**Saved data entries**
########################################

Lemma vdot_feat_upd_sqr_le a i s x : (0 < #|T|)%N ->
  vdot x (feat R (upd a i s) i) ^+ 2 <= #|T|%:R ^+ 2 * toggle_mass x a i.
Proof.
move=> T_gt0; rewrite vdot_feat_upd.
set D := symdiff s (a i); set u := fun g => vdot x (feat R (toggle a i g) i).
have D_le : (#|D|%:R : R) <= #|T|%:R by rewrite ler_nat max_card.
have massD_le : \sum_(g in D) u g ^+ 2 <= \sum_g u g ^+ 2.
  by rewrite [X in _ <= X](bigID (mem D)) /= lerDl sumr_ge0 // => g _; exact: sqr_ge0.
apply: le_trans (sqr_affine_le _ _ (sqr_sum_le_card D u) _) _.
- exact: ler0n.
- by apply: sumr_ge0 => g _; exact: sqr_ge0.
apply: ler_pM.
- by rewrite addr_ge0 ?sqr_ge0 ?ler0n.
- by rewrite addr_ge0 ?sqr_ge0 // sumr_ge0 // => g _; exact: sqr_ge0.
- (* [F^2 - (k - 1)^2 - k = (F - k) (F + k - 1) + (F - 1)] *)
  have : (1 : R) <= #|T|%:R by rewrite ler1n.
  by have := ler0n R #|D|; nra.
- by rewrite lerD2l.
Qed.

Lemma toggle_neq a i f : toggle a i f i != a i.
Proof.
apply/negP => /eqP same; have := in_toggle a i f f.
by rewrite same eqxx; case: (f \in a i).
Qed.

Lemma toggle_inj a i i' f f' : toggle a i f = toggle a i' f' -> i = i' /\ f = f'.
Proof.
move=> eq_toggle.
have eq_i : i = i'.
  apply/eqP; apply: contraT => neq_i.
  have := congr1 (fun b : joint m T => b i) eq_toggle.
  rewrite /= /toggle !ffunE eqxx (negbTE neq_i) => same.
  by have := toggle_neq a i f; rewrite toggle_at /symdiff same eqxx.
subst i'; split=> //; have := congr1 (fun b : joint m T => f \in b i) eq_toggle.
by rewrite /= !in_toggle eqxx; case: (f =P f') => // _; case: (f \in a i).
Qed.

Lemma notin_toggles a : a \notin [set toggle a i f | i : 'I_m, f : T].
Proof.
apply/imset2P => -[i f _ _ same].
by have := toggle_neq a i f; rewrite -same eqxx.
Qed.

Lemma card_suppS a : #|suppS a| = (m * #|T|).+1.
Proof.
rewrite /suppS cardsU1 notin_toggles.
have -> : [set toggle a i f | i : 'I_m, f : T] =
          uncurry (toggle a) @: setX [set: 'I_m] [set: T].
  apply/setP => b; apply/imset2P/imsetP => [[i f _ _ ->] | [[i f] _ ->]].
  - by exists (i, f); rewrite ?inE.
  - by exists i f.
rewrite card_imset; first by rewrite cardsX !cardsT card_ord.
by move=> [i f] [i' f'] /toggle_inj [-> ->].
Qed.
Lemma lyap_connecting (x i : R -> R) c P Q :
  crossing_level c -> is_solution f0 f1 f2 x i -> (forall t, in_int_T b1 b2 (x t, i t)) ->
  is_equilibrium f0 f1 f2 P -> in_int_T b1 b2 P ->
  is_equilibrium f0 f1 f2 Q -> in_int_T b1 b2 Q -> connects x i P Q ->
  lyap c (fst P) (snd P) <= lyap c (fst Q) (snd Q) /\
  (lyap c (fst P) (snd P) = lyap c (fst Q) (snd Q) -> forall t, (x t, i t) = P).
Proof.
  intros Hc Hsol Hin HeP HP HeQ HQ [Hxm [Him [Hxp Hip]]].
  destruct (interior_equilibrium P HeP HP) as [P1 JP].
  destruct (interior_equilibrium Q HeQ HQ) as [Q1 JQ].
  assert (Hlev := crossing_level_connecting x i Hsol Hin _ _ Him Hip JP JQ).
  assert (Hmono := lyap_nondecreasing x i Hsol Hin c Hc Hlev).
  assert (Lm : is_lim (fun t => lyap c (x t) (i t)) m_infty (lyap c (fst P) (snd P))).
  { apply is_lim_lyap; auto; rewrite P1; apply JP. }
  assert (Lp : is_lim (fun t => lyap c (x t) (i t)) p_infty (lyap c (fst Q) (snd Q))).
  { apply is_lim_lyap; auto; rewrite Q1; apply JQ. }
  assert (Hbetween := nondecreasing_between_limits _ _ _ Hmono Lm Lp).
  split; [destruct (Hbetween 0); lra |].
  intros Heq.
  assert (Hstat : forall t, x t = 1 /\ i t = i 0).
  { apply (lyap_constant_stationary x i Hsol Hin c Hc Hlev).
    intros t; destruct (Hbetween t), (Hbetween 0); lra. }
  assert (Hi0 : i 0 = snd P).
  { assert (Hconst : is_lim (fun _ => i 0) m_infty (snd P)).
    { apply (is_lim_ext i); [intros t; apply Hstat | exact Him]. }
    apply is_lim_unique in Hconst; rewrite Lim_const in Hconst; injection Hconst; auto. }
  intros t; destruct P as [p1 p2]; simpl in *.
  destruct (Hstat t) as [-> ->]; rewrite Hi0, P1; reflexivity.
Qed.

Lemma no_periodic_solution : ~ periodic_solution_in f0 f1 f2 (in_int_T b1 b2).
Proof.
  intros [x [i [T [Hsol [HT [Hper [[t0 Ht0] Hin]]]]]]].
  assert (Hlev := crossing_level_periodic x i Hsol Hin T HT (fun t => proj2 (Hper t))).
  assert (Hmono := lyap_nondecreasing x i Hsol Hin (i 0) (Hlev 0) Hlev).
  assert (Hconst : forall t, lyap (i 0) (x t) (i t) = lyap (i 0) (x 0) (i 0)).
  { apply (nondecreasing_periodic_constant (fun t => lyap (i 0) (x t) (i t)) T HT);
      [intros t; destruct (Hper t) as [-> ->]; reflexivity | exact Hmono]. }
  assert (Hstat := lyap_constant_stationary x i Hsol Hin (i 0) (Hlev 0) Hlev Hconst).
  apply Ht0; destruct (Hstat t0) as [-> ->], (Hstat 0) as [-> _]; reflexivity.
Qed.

########################################

Identify each line in the records above that contains the word "forall", and copy it out in full.

  crossing_level c -> is_solution f0 f1 f2 x i -> (forall t, in_int_T b1 b2 (x t, i t)) ->
  (lyap c (fst P) (snd P) = lyap c (fst Q) (snd Q) -> forall t, (x t, i t) = P).
  assert (Hstat : forall t, x t = 1 /\ i t = i 0).
  assert (Hconst : forall t, lyap (i 0) (x t) (i t) = lyap (i 0) (x 0) (i 0)).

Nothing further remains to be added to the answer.